(Dataset excerpts)

##############################

Lemma sat_fagree (p : form) N F1 F2 s : maxf p < N -> fagree N F1 F2 ->
  sat I F1 s p <-> sat I F2 s p.
Proof.
elim: p F1 F2 s => /= [a b|a b|e i j|e i j|r xs|r xs|p IHp q IHq|p IHp q IHq|z p IH|z p IH|f k p IH]
  F1 F2 s pN h //.
- by rewrite !(@eval_fagree _ N F1 F2) //; lia.
- by rewrite !(@eval_fagree _ N F1 F2) //; lia.
- by rewrite (IHp F1 F2 s) ?(IHq F1 F2 s) //; lia.
- by rewrite (IHp F1 F2 s) ?(IHq F1 F2 s) //; lia.
- have E a : sat I F1 (upd s z a) p <-> sat I F2 (upd s z a) p by exact: IH.
  by split=> -[a /E]; exists a.
- have E a : sat I F1 (upd s z a) p <-> sat I F2 (upd s z a) p by exact: IH.
  by split=> H a; apply/E.
- have E g : sat I (updF F1 f k g) s p <-> sat I (updF F2 f k g) s p.
    by apply: IH; [lia | exact: fagree_updF].
  by split=> -[g [dg /E]]; exists g.
Qed.

End Coincidence.

Lemma psum_eq_term_zero (J : finType) (f : J -> R) j0 :
  (forall j, 0 <= f j)%R -> (\sum_j f j)%R = f j0 -> forall j, j != j0 -> f j = 0%R.
Proof.
move=> f_ge0 sum_f j jj0; rewrite (bigD1 j0) //= -[RHS]addr0 in sum_f.
exact: (psumr_eq0P (fun i _ => f_ge0 i) (addrI _ sum_f)).
Qed.

Lemma tuple1_val (T : Type) (t : 1.-tuple T) : tval t = [:: thead t].
Proof. by case: t => [[|a [|b l]]]. Qed.

Section Elim01Semantics.
Variables (V : vocab) (A : finType) (I : structure V A).
Variables x y w M : nat.
Hypotheses (xy : x < y) (yw : y < w).
Local Notation nterm := (nterm V).
Local Notation form := (Defs.form V).
Local Notation zero := (zero_term V x y M).
Local Notation one := (one_term V M).

(* What quantification over distributions guarantees for the new functions:
   M() = 1 (the only distribution on a singleton) and M(.,.) >= 0. *)
Definition aux_valid (F : fenv A) : Prop :=
  F M 0 [::] = 1%R /\ forall a b : A, (0 <= F M 2 [:: a; b])%R.

(* The meaning of the atom [diag_mass] for all x. *)
Definition diag_only (F : fenv A) : Prop :=
  forall a : A, (\sum_(t : 1.-tuple A) F M 2 [:: a; thead t])%R = F M 2 [:: a; a].

Lemma diag_only_off F : aux_valid F -> diag_only F ->
  forall a b : A, a != b -> F M 2 [:: a; b] = 0%R.
Proof.
move=> [_ F_ge0] diagF a b ab.
have off := @psum_eq_term_zero _ (fun t : 1.-tuple A => F M 2 [:: a; thead t]) [tuple a]
  (fun t => F_ge0 a _) (diagF a).
apply: (off [tuple b]).
by apply: contra ab => /eqP/(congr1 val) [->].
Qed.

Lemma aux_valid_updF F f k g : f < M -> aux_valid F -> aux_valid (updF F f k g).
Proof. by move=> fM; rewrite /aux_valid /updF (gtn_eqF fM). Qed.
Lemma indic_box_row_cons (n : nat) (a b : 'rV[R]_n.+1) (x0 : R) (x : 'rV[R]_n) :
  \1_(box a b) (row_cons x0 x) =
  \1_(`]a 0 ord0, b 0 ord0[ : set R) x0 * \1_(box (row_behead a) (row_behead b)) x :> R.
Proof.
set I := (`]a 0 ord0, b 0 ord0[%classic : set R).
have inIP : I x0 <-> a 0 ord0 < x0 < b 0 ord0 by rewrite /I /= in_itv.
have consP := box_row_cons a b x0 x.
rewrite !indicE; have [inI|notinI] := pselect (I x0); last first.
  by rewrite (memNset notinI) mul0r memNset // => /consP[/inIP].
rewrite (mem_set inI) mul1r.
have [inab|notinab] := pselect (box (row_behead a) (row_behead b) x).
  by rewrite !mem_set //; apply/consP; split=> //; apply/inIP.
by rewrite (memNset notinab) memNset // => /consP[].
Qed.

Lemma box_vol_row_behead (n : nat) (a b : 'rV[R]_n.+1) :
  box_vol a b = (b 0 ord0 - a 0 ord0) * box_vol (row_behead a) (row_behead b).
Proof.
by rewrite /box_vol big_ord_recl; congr (_ * _); apply: eq_bigr => j _; rewrite !mxE.
Qed.

Lemma box_vol_ge0 (n : nat) (a b : 'rV[R]_n) :
  (forall i, a 0 i <= b 0 i) -> 0 <= box_vol a b.
Proof. by move=> ab; apply: prodr_ge0 => i _; rewrite subr_ge0. Qed.

(* Induction on the dimension: for a fixed first coordinate x0 the slices are
   covered with the weights w k * 1_(I k) x0, and integrating over x0 is
   itv_weighted_cover. *)
Lemma box_weighted_cover (n : nat) (w : nat -> R) (a' b' : nat -> 'rV[R]_n)
    (a b : 'rV[R]_n) (t : R) :
  (forall k, 0 <= w k) -> (forall k i, a' k 0 i <= b' k 0 i) ->
  (forall i, a 0 i <= b 0 i) -> 0 <= t ->
  (forall x, box a b x ->
     (t%:E <= \sum_(0 <= k <oo) (w k * \1_(box (a' k) (b' k)) x)%:E)%E) ->
  ((t * box_vol a b)%:E <= \sum_(0 <= k <oo) (w k * box_vol (a' k) (b' k))%:E)%E.
Proof.
elim: n w a' b' a b t => [|n IHn] w a' b' a b t w0 ab' ab t0 cover.
  have box0 (c d x : 'rV[R]_0) : box c d x by case.
  rewrite /box_vol big_ord0 mulr1; apply: le_trans (cover 0 (box0 _ _ _)) _.
  under eq_eseriesr do rewrite indicE (mem_set (box0 _ _ _)).
  by under [X in (_ <= X)%E]eq_eseriesr do rewrite big_ord0.
pose vol k := box_vol (row_behead (a' k)) (row_behead (b' k)).
pose I k := (`]a' k 0 ord0, b' k 0 ord0[%classic : set R).
have vol_ge0 k : 0 <= vol k by apply: box_vol_ge0 => i; rewrite !mxE.
rewrite box_vol_row_behead mulrCA mulrC.
under eq_eseriesr do rewrite box_vol_row_behead mulrCA mulrC -/(vol _).
apply: itv_weighted_cover => //.
- by move=> k; rewrite mulr_ge0.
- by rewrite mulr_ge0 // box_vol_ge0 // => i; rewrite !mxE.
move=> x0 x0_in.
under eq_eseriesr do rewrite mulrAC.
apply: (IHn (fun k => w k * \1_(I k) x0)) => //.
- by move=> k; rewrite mulr_ge0.
- by move=> k i; rewrite !mxE.
- by move=> i; rewrite !mxE.
move=> x x_in.
have := cover (row_cons x0 x) (proj2 (box_row_cons _ _ _ _) (conj x0_in x_in)).
by under eq_eseriesr do rewrite indic_box_row_cons mulrA.
Qed.

Lemma leb_outer_ge_cube (n : nat) (c : 'rV[R]_n) (l : R) (E : set 'rV[R]_n) :
  0 < l -> cube c l `<=` E -> ((l ^+ n)%:E <= leb_outer E)%E.
Proof.
move=> l_gt0 cE; apply/ereal_infP => _ [a' [b' [ab' cover ->]]].
pose a := \row_i (c 0 i - l / 2); pose b := \row_i (c 0 i + l / 2).
have -> : l ^+ n = 1 * box_vol a b.
  rewrite mul1r /box_vol -[n in l ^+ n]card_ord -prodr_const.
  by apply: eq_bigr => i _; rewrite !mxE; lra.
under eq_eseriesr do rewrite -[box_vol _ _]mul1r.
apply: box_weighted_cover => //.
- by move=> i; rewrite !mxE; lra.
move=> x x_in; have [k _ xk] : (\bigcup_k box (a' k) (b' k)) x.
  apply/cover/cE => i; have := x_in i; rewrite !mxE ltr_distlC.
  by move=> /andP[] *; apply/andP; split; lra.
have term_ge0 j : (0 <= (1 * \1_(box (a' j) (b' j)) x)%:E)%E.
  by rewrite lee_fin mul1r indicE ler0n.
rewrite (nneseriesD1 (n := k)) // indicE mem_set // mul1r; apply: leeDl.
exact: nneseries_ge0.
Qed.

End Boxes.

Section Euclidean.
Variables (R : realType) (n : nat).
Implicit Types (x y z c : 'rV[R]_n) (A B S : set 'rV[R]_n).

Lemma edist_ge0 x y : 0 <= edist x y.
Proof. exact: sqrtr_ge0. Qed.

Lemma edist_sqr x y : edist x y ^+ 2 = \sum_(i < n) (x 0 i - y 0 i) ^+ 2.
Proof. by rewrite sqr_sqrtr // sumr_ge0 // => i _; rewrite sqr_ge0. Qed.

Lemma edistC x y : edist x y = edist y x.
Proof. by congr Num.sqrt; apply: eq_bigr => i _; rewrite -sqrrN opprB. Qed.

Lemma edistxx x : edist x x = 0.
Proof. by rewrite /edist big1 ?sqrtr0 // => i _; rewrite subrr expr0n. Qed.

Lemma coord_le_edist x y i : `|x 0 i - y 0 i| <= edist x y.
Proof.
rewrite -ler_sqr ?nnegrE ?edist_ge0 // edist_sqr real_normK ?num_real //.
by rewrite (bigD1 i) //= lerDl sumr_ge0 // => j _; rewrite sqr_ge0.
Qed.

Lemma edist_sqr_le x y (h : R) : (forall i, `|x 0 i - y 0 i| <= h) ->
  edist x y ^+ 2 <= n%:R * h ^+ 2.
Proof.
move=> close; rewrite edist_sqr mulr_natl -[n in _ *+ n]card_ord -sumr_const.
apply: ler_sum => i _; rewrite -real_normK ?num_real // ler_sqr ?nnegrE //.
exact: le_trans (close i).
Qed.

(* A squared triangle inequality is enough below and needs no Cauchy-Schwarz. *)
Lemma edist_sqr_triangle x y z :
  edist x z ^+ 2 <= 2 * edist x y ^+ 2 + 2 * edist y z ^+ 2.
Proof.
rewrite !edist_sqr !mulr_sumr -big_split /=; apply: ler_sum => i _.
have := sqr_ge0 (x 0 i - 2 * y 0 i + z 0 i); nra.
Qed.

Lemma setdist_le_edist A B x y : A x -> B y -> setdist A B <= edist x y.
Proof.
move=> Ax By; apply: ge_inf; last by exists x => //; exists y.
by exists 0 => _ [u _ [v _ <-]]; exact: edist_ge0.
Qed.

Lemma setdist_ge A B (d : R) : A !=set0 -> B !=set0 ->
  (forall x y, A x -> B y -> d <= edist x y) -> d <= setdist A B.
Proof.
move=> [x Ax] [y By] le_d.
apply: lb_le_inf; first by exists (edist x y); exists x => //; exists y.
by move=> _ [u Au [v Bv <-]]; exact: le_d.
Qed.

Lemma setdist_lt_witness A B (d : R) : A !=set0 -> B !=set0 -> setdist A B < d ->
  exists x y, [/\ A x, B y & edist x y < d].
Proof.
move=> [x Ax] [y By] lt_d.
have inf_dist : has_inf [set edist u v | u in A & v in B].
  split; first by exists (edist x y); exists x => //; exists y.
  by exists 0 => _ [u _ [v _ <-]]; exact: edist_ge0.
have gap_gt0 : 0 < d - setdist A B by rewrite subr_gt0.
have [_ [u Au [v Bv <-]] uv_lt] := inf_adherent gap_gt0 inf_dist.
by exists u, v; split=> //; rewrite addrC subrK in uv_lt.
Qed.

Lemma cube_center c (l : R) : 0 < l -> cube c l c.
Proof. by move=> l_gt0 i; rewrite subrr normr0 divr_gt0. Qed.

Lemma cube_sub_cube c c' (l l' : R) :
  (forall i, `|c 0 i - c' 0 i| <= (l' - l) / 2) -> cube c l `<=` cube c' l'.
Proof.
move=> close x x_in i; have := close i; have := x_in i.
rewrite !ltr_distlC ler_distlC => /andP[? ?] /andP[? ?].
by apply/andP; split; lra.
Qed.

Lemma subset_cube c (l l' : R) : l <= l' -> cube c l `<=` cube c l'.
Proof.
by move=> le_ll'; apply: cube_sub_cube => i; rewrite subrr normr0 divr_ge0 ?subr_ge0.
Qed.

Lemma cube_sub_eball y (s : R) : 0 < s -> cube y (s / n.+1%:R) `<=` eball y (s / 2).
Proof.
move=> s_gt0 x x_in; have s2_ge0 : 0 <= s / 2 by rewrite divr_ge0 ?ltW.
rewrite /eball /= -ltr_sqr ?nnegrE ?edist_ge0 //.
have x_close i : `|y 0 i - x 0 i| <= s / n.+1%:R / 2 by rewrite distrC ltW.
apply: le_lt_trans (edist_sqr_le x_close) _.
have : 0 < s / n.+1%:R / 2 by rewrite !divr_gt0.
have -> : s / 2 = n.+1%:R * (s / n.+1%:R / 2) by rewrite mulrA (mulrC n.+1%:R) divfK.
move: (s / n.+1%:R / 2) => h h_gt0.
by rewrite exprMn ltr_pM2r ?exprn_gt0 // -natrX ltr_nat; lia.
Qed.

Lemma cube_setdist_ge y S (s : R) : 0 < s -> S !=set0 -> eball y s `&` S = set0 ->
  s / 2 <= setdist (cube y (s / n.+1%:R)) S.
Proof.
move=> s_gt0 S_ne ball_S; apply: setdist_ge => //.
  by exists y; apply/cube_center/divr_gt0.
move=> q b q_in Sb; have yq : edist y q < s / 2 by apply: cube_sub_eball.
have yb : s <= edist y b.
  by rewrite leNgt; apply/negP => yb; rewrite -[False]/(set0 b) -ball_S.
have s_ge0 := ltW s_gt0; have s2_ge0 : 0 <= s / 2 by rewrite divr_ge0.
rewrite -ler_sqr ?nnegrE ?edist_ge0 //.
have := edist_sqr_triangle y q b.
have : edist y q ^+ 2 < (s / 2) ^+ 2 by rewrite ltr_sqr ?nnegrE ?edist_ge0.
have : s ^+ 2 <= edist y b ^+ 2 by rewrite ler_sqr ?nnegrE ?edist_ge0.
have -> : (s / 2) ^+ 2 = s ^+ 2 / 4 by field.
lra.
Qed.

Lemma cube_sub_cube_setdist x ce ci (a le li d : R) : 0 < le -> 0 < li ->
  cube ce le `<=` cube x a -> setdist (cube ce le) (cube ci li) < d ->
  cube ci li `<=` cube x (a + 2 * li + 2 * d).
Proof.
move=> le_gt0 li_gt0 ce_x near.
have [q [p [q_in p_in qp]]] :=
  setdist_lt_witness (ex_intro _ _ (cube_center ce le_gt0))
    (ex_intro _ _ (cube_center ci li_gt0)) near.
apply: cube_sub_cube => i.
have := ce_x q q_in i; have := p_in i; have := le_lt_trans (coord_le_edist q p i) qp.
rewrite !ltr_distlC => /andP[? ?] /andP[? ?] /andP[? ?].
by rewrite ler_distlC; apply/andP; split; lra.
Qed.

End Euclidean.

Lemma connected_bdry_dichotomy (T : topologicalType) (A O : set T) :
  connected A -> A `&` (closure O `\` O°) = set0 -> A `<=` O \/ A `<=` ~` O.
Proof.
move=> A_conn A_bdry.
have A_clO : A `&` closure O = A `&` O°.
  apply/seteqP; split=> x [Ax xO]; split=> //.
    by apply: contrapT => xNint; rewrite -[False]/(set0 x) -A_bdry.
  by move/interior_subset: xO; exact: subset_closure.
have [[z [Az z_int]]|A_int0] := pselect (A `&` O° !=set0).
  left; have AO : A `&` O° = A.
    apply: A_conn; first by exists z.
      by exists O°; [exact: open_interior|].
    by exists (closure O); [exact: closed_closure|].
  move=> x Ax; suff : (A `&` O°) x by case=> _ /interior_subset.
  by rewrite AO.
right=> x Ax Ox; apply: A_int0; exists x.
by rewrite -A_clO; split=> //; exact: subset_closure.
Qed.

Lemma cube_connected (R : realType) (n : nat) (c : 'rV[R]_n) (l : R) :
  0 < l -> connected (cube c l).
Proof.
move=> l_gt0; pose seg z := (fun t : R => c + t *: (z - c)) @` `[0, 1].
have -> : cube c l = \bigcup_(z in cube c l) seg z.
  apply/seteqP; split=> [z z_in|_ [z z_in [t t01 <-]]].
    exists z => //; exists 1; first by rewrite /= in_itv /= lexx ler01.
    by rewrite scale1r addrC subrK.
  move: t01; rewrite /= in_itv /= => /andP[t_ge0 t_le1] i.
  rewrite !mxE addrC addrK normrM (ger0_norm t_ge0).
  by apply: le_lt_trans (z_in i); rewrite ler_piMl.
apply: bigcup_connected.
  exists c => z _; exists 0; last by rewrite scale0r addr0.
  by rewrite /= in_itv /= lexx ler01.
move=> z _; apply: connected_continuous_connected; first exact: segment_connected.
apply: continuous_subspaceT => t.
have scale_cont : {for t, continuous (fun s : R => s *: (z - c))}.
  by apply: continuousZr_tmp; exact: cvg_id.
have const_cont : {for t, continuous (fun _ : R => c)} by exact: cst_continuous.
exact: (continuousD const_cont scale_cont).
Qed.

Lemma dyadic_between (R : realType) (u : R) : 0 < u -> u <= 1 ->
  exists j : nat, u / 2 < 2 ^- j <= u.
Proof.
move=> u_gt0 u_le1.
suff dyadic_from k : 2 ^- k <= u -> exists j : nat, u / 2 < 2 ^- j <= u.
  have [k k_gt] : exists k : nat, u^-1 < k.+1%:R.
    exists (Num.Def.trunc u^-1); exact: truncnS_gt.
  apply: (dyadic_from k); rewrite -[u]invrK lef_pV2 ?posrE ?exprn_gt0 ?invr_gt0 //.
  by rewrite (le_trans (ltW k_gt)) // -natrX ler_nat ltn_expl.
elim: k => [|k IHk] uk.
  by exists 0%N; rewrite expr0 invr1 in uk *; rewrite uk andbT; lra.
have [/IHk //|uk'] := leP (2 ^- k) u.
exists k.+1; rewrite uk andbT.
by move: uk'; rewrite exprS invfM; lra.
Qed.

Definition interior_cubes (R : realType) (n : nat) (O : set 'rV[R]_n) (c : R) :=
  forall (x : 'rV[R]_n) (l : R), bdry O x -> 0 < l <= 1 ->
    exists (ci : 'rV[R]_n) (li : R),
      [/\ 0 < li, c * l <= li & cube ci li `<=` O `&` cube x l].

Definition dyadic_interior_cubes (R : realType) (n : nat) (O : set 'rV[R]_n) (c K : R) :=
  forall (x : 'rV[R]_n) (j : nat), bdry O x -> (2 : R) ^- j < 1 ->
    exists (ci : 'rV[R]_n) (li : R),
      [/\ 0 < li, c * 2 ^- j <= li & cube ci li `<=` O `&` cube x (K * 2 ^- j)].

Section ThickBallCondition.
Variables (R : realType) (n : nat) (O : set 'rV[R]_n) (eta : R).
Hypothesis eta01 : 0 < eta < 1.
Hypothesis ball_O : forall (x : 'rV[R]_n) (r : R), bdry O x -> 0 < r < 1 ->
  exists y, eball y (eta * r) `<=` eball x r /\ eball y (eta * r) `&` bdry O = set0.
Hypothesis thick : I_thick O.

Let N : R := n.+1%:R.

Let N_ge1 : 1 <= N. Proof. by rewrite /N ler1n. Qed.

Let N_gt0 : 0 < N. Proof. exact: ltr0Sn. Qed.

##############################

**Problem:**
Work out how many lines above contain the word "inIP". Give only the number.

**Answer to the exercise:**
3